Thursday, April 4, 2013

The Danger of Easy Answers



I have had the same conversation with three different people. The conversations were at different times and the people were not acquainted with one another. All three were gay.

Two were women and they told me the same story. They had been in traditional, evangelical churches for years and had struggled with their sexuality since they were children. After a while, overcome by the stress and anxiety of resisting what they had come to believe was an unavoidable reality in their lives, they accepted their gay identity. They also asked God to continue to love them, and believed that he had.

They left their traditional churches and went looking for new faith communities. They both told me that they had tried several gay-friendly and gay-specific churches, but had come away disappointed. Yes, they had been accepted there. But the churches, they claimed, were all about being gay. They said they wanted to be in places that were all about Jesus.

The third person was a young man. He was Catholic and had traveled 50 or 60 miles to visit a church were I happened to be speaking that morning. We talked between the services and he told me a similar story about being disappointed with the gay-friendly churches he had visited. He said to me, “I need to be in a place were I can be helped to know how to live.”

I wonder if we can do that? I don’t have any quick and easy answers regarding gay ordination or how churches will minister to gay couples and their children. But I wonder if our churches will be able to open their doors wider than before, recognizing that people like my three friends may come in. Can we accept them in order to help them orient their lives toward Jesus and to be encountered by the Holy Spirit? Can we trust God’s love and presence to bring transformation like we hope for everyone? Can we help them to know how to live?

The easy answers say that homosexuality is simply a choice to have sex with a person of the same gender. It’s a sin and it must be stopped in order for God to be accepting toward that person, or so the argument goes. If you read Mark Yarhouse’s very helpful book, Homosexuality and the Christian, you’ll find a greater complexity than you might have expected.

The easy answers also claim that everyone needs to be afforded the same rights, everyone’s equal, and everything’s okay. This way of flattening out human diversity and brokenness risks committing spiritual malpractice (as I posted yesterday). If we claim that everyone’s just fine as they are, then we’d better be right or we leave people to the ravages of their sin. And that means all of us.

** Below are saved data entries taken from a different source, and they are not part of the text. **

Lemma quadratic_root (R : rcfType) (U A B : R) : 1 < U -> 0 < A -> 0 <= B -> B < A ^+ 2 ->
  exists2 m, 0 < m & B < m ^+ 2 /\ (U - 1) * m ^+ 2 - 2 * A * U * m + (U + 1) * B = 0.
Proof.
move=> U_gt1 A_gt0 B_ge0 B_lt.
set D := A ^+ 2 * U ^+ 2 - (U ^+ 2 - 1) * B.
have D_gt0 : 0 < D.
  rewrite (_ : D = U ^+ 2 * (A ^+ 2 - B) + B); last by rewrite /D; ring.
  by rewrite ltr_wpDr // mulr_gt0 ?exprn_gt0 ?subr_gt0 // (lt_trans ltr01).
have s_ge0 := sqrtr_ge0 D; have s2 := sqr_sqrtr (ltW D_gt0).
set s := Num.sqrt D in s_ge0 s2.
have U1_neq0 : U - 1 != 0 by rewrite subr_eq0 gt_eqF.
exists ((A * U + s) / (U - 1)).
  by rewrite divr_gt0 ?subr_gt0 // ltr_wpDr // mulr_gt0 // (lt_trans ltr01).
split.
  apply: (lt_le_trans B_lt); rewrite ler_pXn2r ?nnegrE ?(ltW A_gt0) //.
    by rewrite ler_pdivlMr ?subr_gt0 //; nra.
  rewrite divr_ge0 ?subr_ge0 ?(ltW U_gt1) // addr_ge0 // mulr_ge0 // ltW //.
  exact: lt_trans ltr01 U_gt1.
apply: (mulfI U1_neq0); rewrite mulr0.
transitivity (s ^+ 2 - D); first by rewrite /D; field.
by rewrite s2 subrr.
Qed.

Section Points.
Variable R : rcfType.
Local Notation pt := (pt R).
Implicit Types (Y Z : pt) (r : R).

Definition pscale r Y : pt := (fun k => r%:C * Y.1 k, fun k => r%:C * Y.2 k).

(* The conjugation J(z, w) = (z, -w) makes g(Y, J Y) the Euclidean norm. *)
Definition pJ Y : pt := (Y.1, fun k => - Y.2 k).

Definition mkpt (z1 z2 w1 w2 : R[i]) : pt :=
  (fun k => if k == ord0 then z1 else z2, fun k => if k == ord0 then w1 else w2).

Lemma pt_eq Y Z : Y.1 ord0 = Z.1 ord0 -> Y.1 ord_max = Z.1 ord_max ->
  Y.2 ord0 = Z.2 ord0 -> Y.2 ord_max = Z.2 ord_max -> Y = Z.
Proof.
case: Y Z => [z w] [z' w'] /= h1 h2 h3 h4.
by congr pair; apply: functional_extensionality => k; case: (ord2P k) => ->.
Qed.

Lemma peqP Y Z : peq Y Z -> Y = Z.
Proof.
move=> H; apply: pt_eq.
- by case: (H ord0).
- by case: (H ord_max).
- by case: (H ord0).
- by case: (H ord_max).
Qed.

Lemma pt_coords (P : pt -> Prop) :
  (forall a b c d e f g h : R, P (mkpt (a +i* b) (c +i* d) (e +i* f) (g +i* h))) ->
  forall Y, P Y.
Proof.
move=> HP Y; have -> : Y = mkpt (Y.1 ord0) (Y.1 ord_max) (Y.2 ord0) (Y.2 ord_max).
  exact: pt_eq.
by case: (Y.1 ord0); case: (Y.1 ord_max); case: (Y.2 ord0); case: (Y.2 ord_max).
Qed.

End Points.

(* Every identity between points below is a polynomial identity in their
   eight real coordinates. *)
Ltac coords Y := elim/pt_coords: Y => ? ? ? ? ? ? ? ?.
Ltac pt_ring :=
  rewrite /gmet /opI /opS /opT /padd /pscale /pJ /mkpt ?sum_ord2 /=;
  first [ring | apply: pt_eq => /=; congr (_ +i* _); ring].

Section Quaternionic.
Variable R : rcfType.
Local Notation pt := (pt R).
Implicit Types (Y Z W : pt) (r a b c d : R).

Lemma gmetC Y Z : gmet Y Z = gmet Z Y. Proof. coords Y; coords Z; pt_ring. Qed.
Lemma gmetDl Y Z W : gmet (padd Y Z) W = gmet Y W + gmet Z W.
Proof. coords Y; coords Z; coords W; pt_ring. Qed.
Lemma gmetDr Y Z W : gmet Y (padd Z W) = gmet Y Z + gmet Y W.
Proof. by rewrite gmetC gmetDl !(gmetC Y). Qed.
Lemma gmetZl r Y Z : gmet (pscale r Y) Z = r * gmet Y Z.
Proof. coords Y; coords Z; pt_ring. Qed.
Lemma gmetZr r Y Z : gmet Y (pscale r Z) = r * gmet Y Z.
Proof. by rewrite gmetC gmetZl gmetC. Qed.

Lemma gmet_opI Y Z : gmet Y (opI Z) = - gmet (opI Y) Z. Proof. coords Y; coords Z; pt_ring. Qed.
Lemma gmet_opS Y Z : gmet Y (opS Z) = - gmet (opS Y) Z. Proof. coords Y; coords Z; pt_ring. Qed.
Lemma gmet_opT Y Z : gmet Y (opT Z) = - gmet (opT Y) Z. Proof. coords Y; coords Z; pt_ring. Qed.

Lemma opI_pscale r Y : opI (pscale r Y) = pscale r (opI Y). Proof. coords Y; pt_ring. Qed.
Lemma opS_pscale r Y : opS (pscale r Y) = pscale r (opS Y). Proof. coords Y; pt_ring. Qed.
Lemma opT_pscale r Y : opT (pscale r Y) = pscale r (opT Y). Proof. coords Y; pt_ring. Qed.

Lemma gmet_pJ_eq0 Y : gmet Y (pJ Y) = 0 -> Y = pzero R.
Proof.
elim/pt_coords: Y => a b c d e f g h.
rewrite /gmet /pJ /mkpt sum_ord2 /= => H.
have {}H : a^+2 + b^+2 + c^+2 + d^+2 + e^+2 + f^+2 + g^+2 + h^+2 = 0 by rewrite -H; ring.
have sq0 (x : R) : x ^+ 2 = 0 -> x = 0 by move/eqP; rewrite sqrf_eq0 => /eqP.
have [-> -> -> ->] : [/\ a = 0, b = 0, c = 0 & d = 0] by split; apply: sq0; nra.
have [-> -> -> ->] : [/\ e = 0, f = 0, g = 0 & h = 0] by split; apply: sq0; nra.
by apply: pt_eq => /=.
Qed.

Definition qcomb a b c d Y : pt :=
  padd (pscale a Y) (padd (pscale b (opI Y)) (padd (pscale c (opS Y)) (pscale d (opT Y)))).

Definition qspan Y v := exists a b c d, v = qcomb a b c d Y.

(* By [tangentE] below, T_p mu^-1(0) = orthIST (fund n_gen p). *)
Definition orthIST Y v := [/\ gmet (opI Y) v = 0, gmet (opS Y) v = 0 & gmet (opT Y) v = 0].

Lemma gmet_qcomb a b c d Y :
  [/\ gmet (opI Y) (qcomb a b c d Y) = b * gmet Y Y,
       gmet (opS Y) (qcomb a b c d Y) = - (c * gmet Y Y)
     & gmet (opT Y) (qcomb a b c d Y) = - (d * gmet Y Y)].
Proof. by coords Y; split; pt_ring. Qed.

Lemma gmet_orthIST_qcomb a b c d Y Z : orthIST Y Z ->
  gmet Z (qcomb a b c d Y) = a * gmet Z Y.
Proof.
case=> hI hS hT; rewrite /qcomb !gmetDr !gmetZr.
by rewrite !(gmetC Z) hI hS hT !mulr0 !addr0.
Qed.

Lemma padd_qcomb_eq0 a b c d Y v : padd v (qcomb a b c d Y) = pzero R ->
  v = qcomb (- a) (- b) (- c) (- d) Y.
Proof.
have cancel : padd (padd v (qcomb a b c d Y)) (qcomb (- a) (- b) (- c) (- d) Y) = v.
  by coords v; coords Y; pt_ring.
by move=> H; rewrite -{1}cancel {}H {cancel}; coords Y; pt_ring.
Qed.

Definition tproj Y v : pt := let N := gmet Y Y in
  padd v (qcomb 0 (- gmet (opI Y) v / N) (gmet (opS Y) v / N) (gmet (opT Y) v / N) Y).

Lemma tproj_orthIST Y v : gmet Y Y != 0 -> orthIST Y (tproj Y v).
Proof.
move=> hN; have [hI hS hT] := gmet_qcomb 0 (- gmet (opI Y) v / gmet Y Y)
  (gmet (opS Y) v / gmet Y Y) (gmet (opT Y) v / gmet Y Y) Y.
by split; rewrite gmetDr ?hI ?hS ?hT; field.
Qed.

(* g is indefinite, so the non-degeneracy of g on [orthIST Y] is not automatic:
   it comes from testing against the projection of [pJ e]. *)
Lemma orthIST_perp Y v : gmet Y Y != 0 ->
  (forall w, orthIST Y w -> gmet v w = 0) -> exists b c d, v = qcomb 0 b c d Y.
Proof.
move=> hN hv; set e := tproj Y v.
have te : orthIST Y e := tproj_orthIST v hN.
have ge w : orthIST Y w -> gmet e w = 0.
  by move=> tw; rewrite gmetC gmetDr gmet_orthIST_qcomb // mul0r addr0 gmetC hv.
have : gmet e (pJ e) = 0.
  by rewrite -(ge _ (tproj_orthIST (pJ e) hN)) gmetDr gmet_orthIST_qcomb // mul0r addr0.
move/gmet_pJ_eq0; rewrite /e /tproj => /padd_qcomb_eq0 ->.
by rewrite oppr0; do 3 eexists.
Qed.

Lemma orthIST_qcomb a b c d Y : gmet Y Y != 0 -> orthIST Y (qcomb a b c d Y) ->
  qcomb a b c d Y = pscale a Y.
Proof.
move=> hN; rewrite /orthIST; have [-> -> ->] := gmet_qcomb a b c d Y.
case=> /eqP + /eqP + /eqP; rewrite !oppr_eq0 !mulf_eq0 (negbTE hN) !orbF.
by move=> /eqP -> /eqP -> /eqP ->; clear hN; coords Y; pt_ring.
Qed.

Lemma qspan_opI Y v : qspan Y (opI v) -> qspan Y v.
Proof.
rewrite {2}(_ : v = pscale (-1) (opI (opI v))); last by coords v; pt_ring.
by case=> a [b] [c] [d] ->; exists b, (- a), d, (- c); coords Y; pt_ring.
Qed.

Lemma qspan_opS Y v : qspan Y (opS v) -> qspan Y v.
Proof.
rewrite {2}(_ : v = opS (opS v)); last by coords v; pt_ring.
by case=> a [b] [c] [d] ->; exists c, (- d), a, (- b); coords Y; pt_ring.
Qed.

Lemma qspan_opT Y v : qspan Y (opT v) -> qspan Y v.
Proof.
rewrite {2}(_ : v = opT (opT v)); last by coords v; pt_ring.
by case=> a [b] [c] [d] ->; exists d, c, b, a; coords Y; pt_ring.
Qed.

Lemma radical_orthIST (A : pt -> pt) Y v : gmet Y Y != 0 ->
  (forall Z W, gmet Z (A W) = - gmet (A Z) W) -> (forall v, qspan Y (A v) -> qspan Y v) ->
  orthIST Y v -> (forall w, orthIST Y w -> gmet v (A w) = 0) -> exists k, v = pscale k Y.
Proof.
move=> hN skewA spanA tv hv.
have [b [c [d hAv]]] : exists b c d, A v = qcomb 0 b c d Y.
  by apply: orthIST_perp => // w /hv; rewrite skewA => /eqP; rewrite oppr_eq0 => /eqP.
have [a [b' [c' [d' Ev]]]] : qspan Y v by apply: spanA; exists 0, b, c, d.
by exists a; rewrite Ev orthIST_qcomb // -Ev.
Qed.

Lemma pt_mul_eq0 (c : 'I_2 -> R[i]) Y : (forall k, c k != 0) ->
  (fun k => c k * Y.1 k, fun k => c k * Y.2 k) = pzero R -> Y = pzero R.
Proof.
move=> hc H; apply: pt_eq => /=;
  [move: (congr1 (fun Z => Z.1 ord0) H) | move: (congr1 (fun Z => Z.1 ord_max) H)
  | move: (congr1 (fun Z => Z.2 ord0) H) | move: (congr1 (fun Z => Z.2 ord_max) H)];
  by move=> /= /eqP; rewrite mulf_eq0 (negbTE (hc _)) => /eqP.
Qed.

There are no easy answers here. There really never were. If we look at what is happening around us and start asking God if he is present and doing something in the midst of significant social and religious disruption, we might find some surprises ahead of us.

3 comments:

Dave Jacobs said...

You have a unique audience and a unique voice. I hope you continue to take advantage of both. Well done.

Carrie said...

I totally agree with Dave. Somewhere in the midst of the evangelical Christian position on this - and many other more "social" issues - the whole love of Jesus part seems to continue to get lost. As you've so elegantly stated, there are no easy answers to any of this. We need to continue to focus on Jesus and do our best to walk in his footsteps.

Anonymous said...

great perspective, my friend. Keep asking GREAT questions!